# PROBLEM DETAILS:
Copy the lines exactly as they appear, starting with the first line of the records and ending with the line that contains "elim: s v =>".

(DATA EXTRACTS)

Lemma is_direct_sum2_orth U : subspace U ->
  (forall v, exists a b, [/\ U a, orth g U b & v = a + b]) ->
  is_direct_sum2 U (orth g U).
Proof.
move=> sU decU; split=> // a1 a2 b1 b2 Ua1 Ua2 ob1 ob2 eq12.
have a12 : a1 - a2 = b2 - b1.
  by apply/eqP; rewrite subr_eq addrAC (addrC b2) -eq12 addrK.
have /subr0_eq ea : a1 - a2 = 0.
  apply: (orth_self_eq0 (U := U)); first exact: subspaceB.
  by rewrite a12; apply: subspaceB (subspace_orth U) ob2 ob1.
by split=> //; move: eq12; rewrite ea => /addrI.
Qed.

(* One Gram-Schmidt step: project x on span s, then correct the projection of
   v on span s along the residual x'. *)
Lemma orth_proj_seq_span s v :
  exists u, seq_span s u /\ orth g (seq_span s) (v - u).
Proof.
elim: s v => [|x s IH] v; first by exists 0; split=> //= _ ->; rewrite ip0l.
have [u1 [su1 o1]] := IH v; have [u2 [su2 o2]] := IH x.
set w := v - u1; set x' := x - u2; set a := g w x' / g x' x'.
have sS := subspace_seq_span s.
exists (u1 + a *: x'); split.
  exists a, (u1 - a *: u2); split; first by apply: subspaceB sS su1 (subspaceZ _ sS su2).
  by rewrite /x' scalerBr addrCA addrA.
have -> : v - (u1 + a *: x') = w - a *: x' by rewrite opprD addrA.
have o_span y : seq_span s y -> g y (w - a *: x') = 0.
  move=> sy; apply: ip_sym0.
  by rewrite ipBl ipZl (ip_sym0 (o1 y sy)) (ip_sym0 (o2 y sy)) mulr0 subr0.
have o_x' : g x' (w - a *: x') = 0.
  have [/ip_self_eq0 x'0|x'x'] := eqVneq (g x' x') 0; first by rewrite x'0 ip0l.
  by apply: ip_sym0; rewrite ipBl ipZl divfK // subrr.
move=> _ [b [y [sy ->]]]; rewrite ipDl ipZl (o_span y sy) addr0.
by rewrite -[x](subrK u2) -/x' ipDl o_x' (o_span u2 su2) addr0 mulr0.
Qed.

(End DATA EXTRACTS)

# SOLUTION FOR THIS EXERCISE:
Lemma is_direct_sum2_orth U : subspace U ->
  (forall v, exists a b, [/\ U a, orth g U b & v = a + b]) ->
  is_direct_sum2 U (orth g U).
Proof.
move=> sU decU; split=> // a1 a2 b1 b2 Ua1 Ua2 ob1 ob2 eq12.
have a12 : a1 - a2 = b2 - b1.
  by apply/eqP; rewrite subr_eq addrAC (addrC b2) -eq12 addrK.
have /subr0_eq ea : a1 - a2 = 0.
  apply: (orth_self_eq0 (U := U)); first exact: subspaceB.
  by rewrite a12; apply: subspaceB (subspace_orth U) ob2 ob1.
by split=> //; move: eq12; rewrite ea => /addrI.
Qed.

(* One Gram-Schmidt step: project x on span s, then correct the projection of
   v on span s along the residual x'. *)
Lemma orth_proj_seq_span s v :
  exists u, seq_span s u /\ orth g (seq_span s) (v - u).
Proof.
elim: s v => [|x s IH] v; first by exists 0; split=> //= _ ->; rewrite ip0l.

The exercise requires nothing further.